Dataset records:

Lemma frontiers_node2 t1 t2 :
  frontiers (Node [:: t1; t2]) = node2_votes (frontiers t1) (frontiers t2).
Proof.
rewrite /= allpairs1r allpairs_mapr !map_allpairs /node2_votes.
by congr (_ ++ _); apply: eq_allpairs => f1 f2 /=; rewrite cats0.
Qed.

Lemma size_node2_votes F1 F2 :
  size (node2_votes F1 F2) = 2 * (size F1 * size F2).
Proof. by rewrite size_cat !size_allpairs addnn mul2n. Qed.

Lemma count_at_node2 n1 n2 F1 F2 :
  all (fun v => size v == n1) F1 -> all (fun v => size v == n2) F2 ->
  forall p c, count_at (node2_votes F1 F2) p c =
    (if p < n1 then count_at F1 p c * size F2 else size F1 * count_at F2 (p - n1) c)
  + (if p < n2 then size F1 * count_at F2 p c else count_at F1 (p - n2) c * size F2).
Proof.
move=> /allP szF1 /allP szF2 p c; rewrite /count_at count_cat.
congr (_ + _); case: ifP => p_lt.
- by apply: count_allpairs_l => x y /szF1/eqP x_sz _; rewrite nth_cat x_sz p_lt.
- by apply: count_allpairs_r => x y /szF1/eqP x_sz _; rewrite nth_cat x_sz p_lt.
- by apply: count_allpairs_r => x y _ /szF2/eqP y_sz; rewrite nth_cat y_sz p_lt.
- by apply: count_allpairs_l => x y _ /szF2/eqP y_sz; rewrite nth_cat y_sz p_lt.
Qed.

Lemma votes_over_node2 j n1 n2 F1 F2 :
  0 < n1 -> 0 < n2 -> votes_over j n1 F1 -> votes_over (j + n1) n2 F2 ->
  votes_over j (n1 + n2) (node2_votes F1 F2).
Proof.
move=> n1_gt0 n2_gt0 [uF1 F1_gt0 /allP szF1 /allP lbF1] [uF2 F2_gt0 /allP szF2 /allP lbF2].
have first_label x : x \in F1 -> j <= nth 0 x 0 < j + n1.
  by move=> x_in; apply: (allP (lbF1 x x_in)); rewrite mem_nth ?(eqP (szF1 x x_in)).
have second_label y : y \in F2 -> j + n1 <= nth 0 y 0 < j + n1 + n2.
  by move=> y_in; apply: (allP (lbF2 y y_in)); rewrite mem_nth ?(eqP (szF2 y y_in)).
split.
- rewrite cat_uniq; apply/and3P; split.
  + apply: allpairs_uniq => // [[x y] [x' y']].
    move=> /allpairsP[[? ?] [/= x_in _ [-> ->]]] /allpairsP[[? ?] [/= x'_in _ [-> ->]]] /eqP.
    by rewrite eqseq_cat ?(eqP (szF1 _ x_in)) ?(eqP (szF1 _ x'_in)) // => /andP[/eqP-> /eqP->].
  + apply/hasPn => _ /allpairsP[[x y] [/= x_in y_in ->]].
    apply/allpairsP => -[[x' y'] [/= x'_in y'_in]] /(congr1 (nth 0 ^~ 0)).
    rewrite !nth_cat (eqP (szF2 _ y_in)) (eqP (szF1 _ x'_in)) n1_gt0 n2_gt0 => eq_head.
    by have := first_label _ x'_in; have := second_label _ y_in; rewrite eq_head; lia.
  + apply: allpairs_uniq => // [[x y] [x' y']].
    move=> /allpairsP[[? ?] [/= _ y_in [-> ->]]] /allpairsP[[? ?] [/= _ y'_in [-> ->]]] /eqP.
    by rewrite eqseq_cat ?(eqP (szF2 _ y_in)) ?(eqP (szF2 _ y'_in)) // => /andP[/eqP-> /eqP->].
- by rewrite size_node2_votes !muln_gt0 F1_gt0 F2_gt0.
- apply/allP => v; rewrite mem_cat => /orP[] /allpairsP[[x y] [/= x_in y_in ->]];
  by rewrite size_cat (eqP (szF1 _ x_in)) (eqP (szF2 _ y_in)) // addnC.
- apply/allP => v; rewrite mem_cat => /orP[] /allpairsP[[x y] [/= x_in y_in ->]];
  by rewrite all_cat (sub_all _ (lbF1 _ x_in)) ?(sub_all _ (lbF2 _ y_in)) // => c /=; lia.
Qed.

Lemma frontiers_flat s : frontiers (Node [seq Leaf c | c <- s]) = [:: s; rev s].
Proof.
have tuples : foldr (fun fs acc => [seq f :: a | f <- fs, a <- acc]) [:: [::]]
    [seq frontiers t | t <- [seq Leaf c | c <- s]] = [:: [seq [:: c] | c <- s]].
  by elim: s => //= c s ->.
by rewrite /= tuples /= flatten_seq1 -map_rev flatten_seq1.
Qed.

Lemma frontiers_bal k off :
  votes_over off (2 ^ k) (frontiers (bal k off)) /\
  forall p c, p < 2 ^ k ->
    count_at (frontiers (bal k off)) p c * 2 ^ k
    = size (frontiers (bal k off)) * (off <= c < off + 2 ^ k).
Proof.
elim: k off => [|k IHk] off.
  split=> [|[|p] c //= _]; first by split; rewrite //= addn1 leqnn ltnSn.
  by rewrite /count_at /=; lia.
have [vo1 count1] := IHk off; have [vo2 count2] := IHk (off + 2 ^ k).
have [_ _ sz1 _] := vo1; have [_ _ sz2 _] := vo2.
rewrite [bal _ _]/= frontiers_node2 expnS mul2n -addnn.
split=> [|p c p_lt]; first by apply: votes_over_node2; rewrite ?expn_gt0.
have split_range : (off <= c < off + (2 ^ k + 2 ^ k)) =
  (off <= c < off + 2 ^ k) + (off + 2 ^ k <= c < off + 2 ^ k + 2 ^ k) :> nat by lia.
rewrite (count_at_node2 sz1 sz2) size_node2_votes split_range; case: ifP => p_small.
  by move: (count1 p c p_small) (count2 p c p_small); nia.
have p_shift : p - 2 ^ k < 2 ^ k by lia.
by move: (count1 _ c p_shift) (count2 _ c p_shift); nia.
Qed.

Definition bin_shift (d e p : nat) : nat := 'C(d, p - e) * (e <= p).

Lemma bin_shift0 d p : bin_shift d 0 p = 'C(d, p).
Proof. by rewrite /bin_shift subn0 muln1. Qed.

Lemma bin_shiftS d e p : bin_shift d e.+1 p = (0 < p) * bin_shift d e p.-1.
Proof. by case: p => [|p]; rewrite /bin_shift ?muln0 // subSS ltnS mul1n. Qed.

Lemma bin_shift_pascal d e N p : e + d < N -> p <= N ->
  (0 < p) * bin_shift d e p.-1 + (p < N) * bin_shift d e p = bin_shift d.+1 e p.
Proof.
elim: e N p => [|e IHe] N [|p] edN p_le //=.
- by rewrite !bin_shift0 !bin0 (leq_ltn_trans (leq0n d) edN).
- rewrite !bin_shift0 binS mul1n addnC; congr (_ + _).
  case: (ltnP p.+1 N) => [_|N_le]; first by rewrite mul1n.
  by rewrite mul0n bin_small; lia.
- by rewrite /bin_shift !muln0.
by rewrite !bin_shiftS /= !mul1n -(IHe N.-1 p); lia.
Qed.

(* [count_at F p (j + d)] counts the votes placing the (d+1)-th leaf at the
   (p+1)-th position; [cp_weight n d p] is the paper's numerator for these
   indices, the indicator [i <= j] being absorbed into ['C(d, p)]. *)
Definition cp_weight (n d p : nat) : nat := bin_shift d 0 p + bin_shift d (n.-1 - d) p.

Lemma cp_weightS n d p : d < n -> p <= n ->
  cp_weight n.+1 d.+1 p = (0 < p) * cp_weight n d p.-1 + (p < n) * cp_weight n d p.
Proof.
move=> d_lt p_le; rewrite /cp_weight (_ : n.+1.-1 - d.+1 = n.-1 - d); last by lia.
rewrite -!(@bin_shift_pascal d _ n p) //; lia.
Qed.

Lemma cp_weight0 n p : p <= n -> cp_weight n.+1 0 p = (p == 0) + (p == n).
Proof. by move=> p_le; rewrite /cp_weight /bin_shift !bin0n; lia. Qed.

Lemma count_at_out n (Q : pred nat) F p c :
  all (fun v => size v == n) F -> all (all Q) F -> p < n -> ~~ Q c -> count_at F p c = 0.
Proof.
move=> /allP szF /allP lbF p_lt Qc; apply/eqP; rewrite -leqn0 leqNgt -has_count.
apply/hasPn => v v_in; apply: contraNneq Qc => <-.
by apply: (allP (lbF v v_in)); rewrite mem_nth ?(eqP (szF v v_in)).
Qed.

Definition caterpillar_votes (j n : nat) (F : seq (seq nat)) : Prop :=
  votes_over j n F /\ forall p d, p < n -> d < n ->
    count_at F p (j + d) * 2 ^ d.+1 = size F * cp_weight n d p.

Lemma caterpillar_votes_leaf j : caterpillar_votes j 1 (frontiers (Leaf j)).
Proof.
split=> [|[|//] [|//] _ _]; first by split; rewrite //= addn1 leqnn ltnSn.
by rewrite /count_at /= !addn0 eqxx.
Qed.

Lemma caterpillar_votes_node j n t : 0 < n ->
  caterpillar_votes j.+1 n (frontiers t) ->
  caterpillar_votes j n.+1 (frontiers (Node [:: Leaf j; t])).
Proof.
move=> n_gt0 [vo counts]; have [_ _ sz lb] := vo.
have [vo_leaf _] := caterpillar_votes_leaf j.
split=> [|p d]; first by rewrite frontiers_node2 -add1n; apply: votes_over_node2; rewrite ?addn1.
rewrite !ltnS => p_le d_le.
have sz_leaf : all (fun v => size v == 1) (frontiers (Leaf j)) by [].
rewrite frontiers_node2 (count_at_node2 sz_leaf sz) size_node2_votes [size _]/= mul1n.
case: d d_le => [|d] d_le.
  have absent q : q < n -> count_at (frontiers t) q j = 0.
    by move=> q_lt; apply: count_at_out sz lb q_lt _; lia.
  rewrite addn0 cp_weight0 // [size (frontiers (Leaf j))]/= mul1n.
  case: p p_le => [|p] p_le /=.
    by rewrite absent // n_gt0 /count_at /= eqxx; lia.
  rewrite subn1 /= absent //; case: ltnP => [p_lt|n_le]; first by rewrite absent //; lia.
  have -> : p.+1 - n = 0 by lia.
  by rewrite /count_at /= eqxx; lia.
have leaf_other q : count_at (frontiers (Leaf j)) q (j + d.+1) = 0.
  by rewrite /count_at; case: q => [|q] /=; rewrite ?nth_nil; lia.
rewrite !leaf_other cp_weightS // -addSnnS [size (frontiers (Leaf j))]/= mul1n expnS.
case: p p_le => [|p] p_le /=.
  by have := counts 0 d n_gt0 d_le; rewrite n_gt0; nia.
have := counts p d p_le d_le; rewrite subn1 /=.
case: ltnP => [p_lt|n_le]; last by nia.
by have := counts p.+1 d p_lt d_le; nia.
Qed.

Lemma frontiers_cp j k : caterpillar_votes j k.+2 (frontiers (cp j k)).
Proof.
elim: k j => [|k IHk] j; apply: caterpillar_votes_node => //.
exact: caterpillar_votes_leaf.
Qed.

Local Open Scope ring_scope.

Lemma freqGS_frac t i c (a b : nat) :
  uniq (frontiers t) -> (0 < size (frontiers t))%N -> (0 < b)%N ->
  (count_at (frontiers t) i.-1 c * b = size (frontiers t) * a)%N ->
  freqGS t i c = a%:R / b%:R.
Proof.
move=> uF F_gt0 b_gt0 count_eq.
rewrite /freqGS /consistent_votes undup_id //; apply/eqP.
rewrite eqr_div ?pnatr_eq0 -?lt0n // -!natrM.
by rewrite -/(count_at _ _ _) count_eq mulnC.
Qed.

Lemma freqGS_Flat m : (2 <= m)%N ->
  forall i j, (1 <= i <= m)%N -> (1 <= j <= m)%N ->
  freqGS (Flat m) i j = 2^-1 * (i == j)%:R + 2^-1 * (i == m - j + 1)%N%:R.
Proof.
move=> m_ge2 i j /andP[i_ge1 i_le] /andP[j_ge1 j_le].
have nth_id : nth 0 (iota 1 m) i.-1 = i by rewrite nth_iota; lia.
have nth_rev_id : nth 0 (rev (iota 1 m)) i.-1 = (m - i + 1)%N.
  by rewrite nth_rev size_iota ?nth_iota; lia.
rewrite (@freqGS_frac _ _ _ ((i == j) + (i == m - j + 1))%N 2) /Flat ?frontiers_flat //.
- by rewrite natrD mulrDl !(mulrC _ 2^-1).
- rewrite /= andbT inE; apply/eqP => /(congr1 (nth 0 ^~ 0)).
  by rewrite nth_rev size_iota ?nth_iota //; lia.
by rewrite /count_at /= nth_id nth_rev_id; lia.
Qed.

Lemma freqGS_Bal m k : m = (2 ^ k)%N ->
  forall i j, (1 <= i <= m)%N -> (1 <= j <= m)%N -> freqGS (Bal k) i j = m%:R^-1.
Proof.
move=> -> i j /andP[i_ge1 i_le] /andP[j_ge1 j_le].
have [[uF F_gt0 _ _] counts] := frontiers_bal k 1.
rewrite /Bal (@freqGS_frac _ _ _ 1 (2 ^ k)) ?div1r ?expn_gt0 // counts; lia.
Qed.

Lemma freqGS_CP m : (2 <= m)%N ->
  forall i j, (1 <= i <= m)%N -> (1 <= j <= m)%N ->
  freqGS (CP m) i j
  = (2 ^+ j)^-1 * ('C(j - 1, i - 1)%:R * (i <= j)%N%:R)
    + (2 ^+ j)^-1 * ('C(j - 1, (i - 1) - (m - j))%:R * (m - j < i)%N%:R).
Proof.
move=> m_ge2 i j /andP[i_ge1 i_le] /andP[j_ge1 j_le].
have [[uF F_gt0 _ _] counts] := frontiers_cp 1 (m - 2).
rewrite (_ : (m - 2).+2 = m) in counts; last by lia.
have weight : cp_weight m j.-1 i.-1 =
    ('C(j - 1, i - 1) * (i <= j) + 'C(j - 1, (i - 1) - (m - j)) * (m - j < i))%N.
  rewrite /cp_weight bin_shift0 /bin_shift -!subn1 (_ : m - 1 - (j - 1) = m - j)%N; last by lia.
  congr (_ + _ * _)%N; last by lia.
  by case: leqP => [_|j_lt]; rewrite ?muln1 // bin_small; lia.
rewrite /CP (@freqGS_frac _ _ _ (cp_weight m j.-1 i.-1) (2 ^ j)) ?expn_gt0 //.
  by rewrite weight natrD !natrM natrX mulrDl !(mulrC _ (2 ^+ j)^-1).
by move: (counts i.-1 j.-1); rewrite add1n !prednK //; apply=> //; lia.
Qed.

Theorem theorem1 (m : nat) (hm : (2 <= m)%N) :
  (* (1) Flat gives AN *)
  (forall i j : nat, (1 <= i <= m)%N -> (1 <= j <= m)%N ->
     freqGS (Flat m) i j
     = 2^-1 * (i == j)%:R + 2^-1 * (i == m - j + 1)%N%:R)
  /\
  (* (2) Bal with m a power of two gives UN *)
  (forall k : nat, m = (2 ^ k)%N ->
     forall i j : nat, (1 <= i <= m)%N -> (1 <= j <= m)%N ->
       freqGS (Bal k) i j = (m%:R)^-1)
  /\
  (* (3) caterpillar *)
  (forall i j : nat, (1 <= i <= m)%N -> (1 <= j <= m)%N ->
     freqGS (CP m) i j
     = (2 ^+ j)^-1 * ('C(j - 1, i - 1)%:R * (i <= j)%N%:R)
       + (2 ^+ j)^-1 * ('C(j - 1, (i - 1) - (m - j))%:R * (m - j < i)%N%:R)).
Proof.
split; first exact: freqGS_Flat.
split; first exact: freqGS_Bal.
exact: freqGS_CP.
Qed.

(BRIEF) Exactly as written, please transcribe the lines from the start of the records above to the line that holds "- by apply: count_allpairs_r => x y /szF1/eqP", both ends included.

(ANSWER AREA)
Lemma frontiers_node2 t1 t2 :
  frontiers (Node [:: t1; t2]) = node2_votes (frontiers t1) (frontiers t2).
Proof.
rewrite /= allpairs1r allpairs_mapr !map_allpairs /node2_votes.
by congr (_ ++ _); apply: eq_allpairs => f1 f2 /=; rewrite cats0.
Qed.

Lemma size_node2_votes F1 F2 :
  size (node2_votes F1 F2) = 2 * (size F1 * size F2).
Proof. by rewrite size_cat !size_allpairs addnn mul2n. Qed.

Lemma count_at_node2 n1 n2 F1 F2 :
  all (fun v => size v == n1) F1 -> all (fun v => size v == n2) F2 ->
  forall p c, count_at (node2_votes F1 F2) p c =
    (if p < n1 then count_at F1 p c * size F2 else size F1 * count_at F2 (p - n1) c)
  + (if p < n2 then size F1 * count_at F2 p c else count_at F1 (p - n2) c * size F2).
Proof.
move=> /allP szF1 /allP szF2 p c; rewrite /count_at count_cat.
congr (_ + _); case: ifP => p_lt.
- by apply: count_allpairs_l => x y /szF1/eqP x_sz _; rewrite nth_cat x_sz p_lt.
- by apply: count_allpairs_r => x y /szF1/eqP x_sz _; rewrite nth_cat x_sz p_lt.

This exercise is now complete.